## THE TASK
Using the records below, give again exactly the lines from the line that contains "by rewrite !inE mem_Mvw_r" through the line that contains "move=> a b c /andP[nab nba] /andP[nbc ncb].", both ends included, and only those.

[Collected data]
(* Let $G=(V,E)$ be a graph. For every $v\in V$ the relation $\prec_v$ on $V$ is a strict weak order, i.e., it is irreflexive and transitive and incomparability with respect to $\prec_v$ is transitive.
   Context: Graphs are finite, simple, undirected, with nonempty vertex set. A module of $G=(V,E)$ is a nonempty $M\subseteq V$ such that every $u\in V\setminus M$ is adjacent either to all or to none of the vertices of $M$. For $v,w\in V$, $M_{v,w}$ is the intersection of all modules of $G$ containing both $v$ and $w$. For $v\in V$, the relation $\prec_v$ on $V$ is defined by $w_1\prec_v w_2$ iff $M_{v,w_2}\subsetneq M_{v,w_1}$. Elements $a,b$ are incomparable w.r.t. $\prec_v$ if neither $a\prec_v b$ nor $b\prec_v a$. *)

From mathcomp Require Import all_boot.
Set Implicit Arguments. Unset Strict Implicit. Unset Printing Implicit Defensive.

(* A finite simple graph: vertex type T : finType, adjacency e : rel T
   assumed symmetric and irreflexive (hypotheses in the theorem). *)

Definition is_module (T : finType) (e : rel T) (M : {set T}) : bool :=
  (M != set0) &&
  [forall u in ~: M, [forall x in M, e u x] || [forall x in M, ~~ e u x]].

Definition Mvw (T : finType) (e : rel T) (v w : T) : {set T} :=
  \bigcap_(M : {set T} | is_module e M && (v \in M) && (w \in M)) M.

Definition precv (T : finType) (e : rel T) (v w1 w2 : T) : bool :=
  Mvw e v w2 \proper Mvw e v w1.

Definition incomparable (T : finType) (e : rel T) (v a b : T) : bool :=
  ~~ precv e v a b && ~~ precv e v b a.

From mathcomp Require Import all_boot.
Set Implicit Arguments. Unset Strict Implicit. Unset Printing Implicit Defensive.

(* Irreflexivity and transitivity are inherited from strict inclusion.
   Transitivity of incomparability follows from negative transitivity: if
   A := M_{v,a} is strictly inside C := M_{v,c}, then any B := M_{v,b} strictly
   contains A or is strictly inside C. Otherwise minimality of the M_{v,_}
   forces a \notin B, b \notin C and c \notin A, and then C \ (A \ B) is a
   module containing v and c but not a, contradicting the minimality of C. *)

Section Modules.

Variables (T : finType) (e : rel T).

Lemma moduleP (M : {set T}) :
  reflect ((exists x, x \in M) /\
           (forall u x y, u \notin M -> x \in M -> y \in M -> e u x = e u y))
          (is_module e M).
Proof.
apply: (iffP andP) => [[/set0Pn M_n0 /forall_inP adjM] | [/set0Pn M_n0 adjM]].
  split=> // u x y uM xM yM.
  have uCM : u \in ~: M by rewrite in_setC.
  have /orP[/forall_inP all_adj | /forall_inP no_adj] := adjM u uCM.
    by rewrite !all_adj.
  by rewrite (negbTE (no_adj x xM)) (negbTE (no_adj y yM)).
split=> //; apply/forall_inP => u; rewrite in_setC => uM.
have [x xM] := set0Pn _ M_n0.
case Eux: (e u x); apply/orP; [left | right]; apply/forall_inP => y yM;
  by rewrite (adjM u y x) ?Eux.
Qed.

Lemma module_adj (M : {set T}) u x y :
  is_module e M -> u \notin M -> x \in M -> y \in M -> e u x = e u y.
Proof. by case/moduleP=> _; apply. Qed.

Hypothesis e_sym : symmetric e.

(* The module property of C fails to cover only u \in A \ B against
   z \in C \ (A :|: B); there e u z is transported to e u v through b. *)
Lemma module_setD_setD (A B C : {set T}) v b :
  is_module e A -> is_module e B -> is_module e C -> A \subset C ->
  v \in A -> v \in B -> b \in B -> b \notin C ->
  is_module e (C :\: (A :\: B)).
Proof.
move=> mA mB mC sAC vA vB bB bC; have vC := subsetP sAC v vA.
apply/moduleP; split=> [|u x y]; first by exists v; rewrite !inE vB vC.
suff adj_v z : u \notin C :\: (A :\: B) -> z \in C :\: (A :\: B) -> e u z = e u v.
  by move=> uM xM yM; rewrite !adj_v.
rewrite !inE => uM /andP[zAB zC].
have [uC | uC] := boolP (u \in C); last exact: module_adj mC uC zC vC.
move: uM; rewrite uC negb_and negbK orbF => /andP[uB uA].
have [zB | zB] := boolP (z \in B); first exact: module_adj mB uB zB vB.
have zA : z \notin A by move: zAB; rewrite zB.
rewrite e_sym (module_adj mA zA uA vA) (module_adj mB zB vB bB) e_sym.
by rewrite (module_adj mC bC zC uC) e_sym (module_adj mB uB bB vB).
Qed.

End Modules.

Section ModuleSpan.

Variables (T : finType) (e : rel T) (v : T).

Lemma mem_Mvw_l w : v \in Mvw e v w.
Proof. by apply/bigcapP => M /andP[/andP[]]. Qed.

Lemma mem_Mvw_r w : w \in Mvw e v w.
Proof. by apply/bigcapP => M /andP[/andP[]]. Qed.

Lemma Mvw_min w (M : {set T}) :
  is_module e M -> v \in M -> w \in M -> Mvw e v w \subset M.
Proof. by move=> mM vM wM; apply: bigcap_inf; rewrite mM vM wM. Qed.

Lemma Mvw_module w : is_module e (Mvw e v w).
Proof.
apply/moduleP; split=> [|u x y]; first by exists v; apply: mem_Mvw_l.
rewrite -in_setC setC_bigcap => /bigcupP[M PM]; rewrite inE => uM.
move=> /bigcapP/(_ M PM) xM /bigcapP/(_ M PM) yM.
by case/andP: PM => /andP[mM _] _; apply: module_adj mM uM xM yM.
Qed.

Lemma Mvw_sub w w' : w' \in Mvw e v w -> Mvw e v w' \subset Mvw e v w.
Proof. by apply: Mvw_min; [apply: Mvw_module | apply: mem_Mvw_l]. Qed.

Lemma Mvw_eq w w' :
  w' \in Mvw e v w -> ~~ precv e v w w' -> Mvw e v w' = Mvw e v w.
Proof. by rewrite /precv => /Mvw_sub/eqVproper[-> | ->]. Qed.

Hypothesis e_sym : symmetric e.

Lemma precv_neg_trans a b c :
  ~~ precv e v c b -> ~~ precv e v b a -> ~~ precv e v c a.
Proof.
rewrite /precv => ncb nba; apply/negP => AC.
have aB : a \notin Mvw e v b.
  by apply/negP => /Mvw_eq/(_ nba) Eab; move: ncb; rewrite -Eab AC.
have bC : b \notin Mvw e v c.
  by apply/negP => /Mvw_eq/(_ ncb) Ebc; move: nba; rewrite Ebc AC.
have cA : c \notin Mvw e v a.
  by apply/negP => /Mvw_sub sCA; move: AC; rewrite properE sCA andbF.
have sAC : Mvw e v a \subset Mvw e v c by case/andP: AC.
have sCC' : Mvw e v c \subset Mvw e v c :\: (Mvw e v a :\: Mvw e v b).
  apply: Mvw_min.
  - by apply: module_setD_setD (Mvw_module _) (Mvw_module _) (Mvw_module _)
      sAC (mem_Mvw_l _) (mem_Mvw_l _) (mem_Mvw_r b) bC.
  - by rewrite !inE !mem_Mvw_l.
  - by rewrite !inE (negbTE cA) andbF mem_Mvw_r.
have /subsetP/(_ a) := subset_trans sAC sCC'.
by rewrite !inE mem_Mvw_r (negbTE aB) => /(_ isT).
Qed.

End ModuleSpan.

Theorem lemma3p13 (T : finType) (e : rel T)
  (e_sym : symmetric e) (e_irr : irreflexive e) (v : T) :
  (forall w, ~~ precv e v w w) /\
  (forall a b c, precv e v a b -> precv e v b c -> precv e v a c) /\
  (forall a b c, incomparable e v a b -> incomparable e v b c ->
     incomparable e v a c).
Proof.
split; first by move=> w; rewrite /precv properxx.
split; first by move=> a b c ab bc; apply: proper_trans bc ab.
move=> a b c /andP[nab nba] /andP[nbc ncb].
by rewrite /incomparable (precv_neg_trans e_sym nab nbc)
  (precv_neg_trans e_sym ncb nba).
Qed.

## TASK RESPONSE
by rewrite !inE mem_Mvw_r (negbTE aB) => /(_ isT).
Qed.

End ModuleSpan.

Theorem lemma3p13 (T : finType) (e : rel T)
  (e_sym : symmetric e) (e_irr : irreflexive e) (v : T) :
  (forall w, ~~ precv e v w w) /\
  (forall a b c, precv e v a b -> precv e v b c -> precv e v a c) /\
  (forall a b c, incomparable e v a b -> incomparable e v b c ->
     incomparable e v a c).
Proof.
split; first by move=> w; rewrite /precv properxx.
split; first by move=> a b c ab bc; apply: proper_trans bc ab.
move=> a b c /andP[nab nba] /andP[nbc ncb].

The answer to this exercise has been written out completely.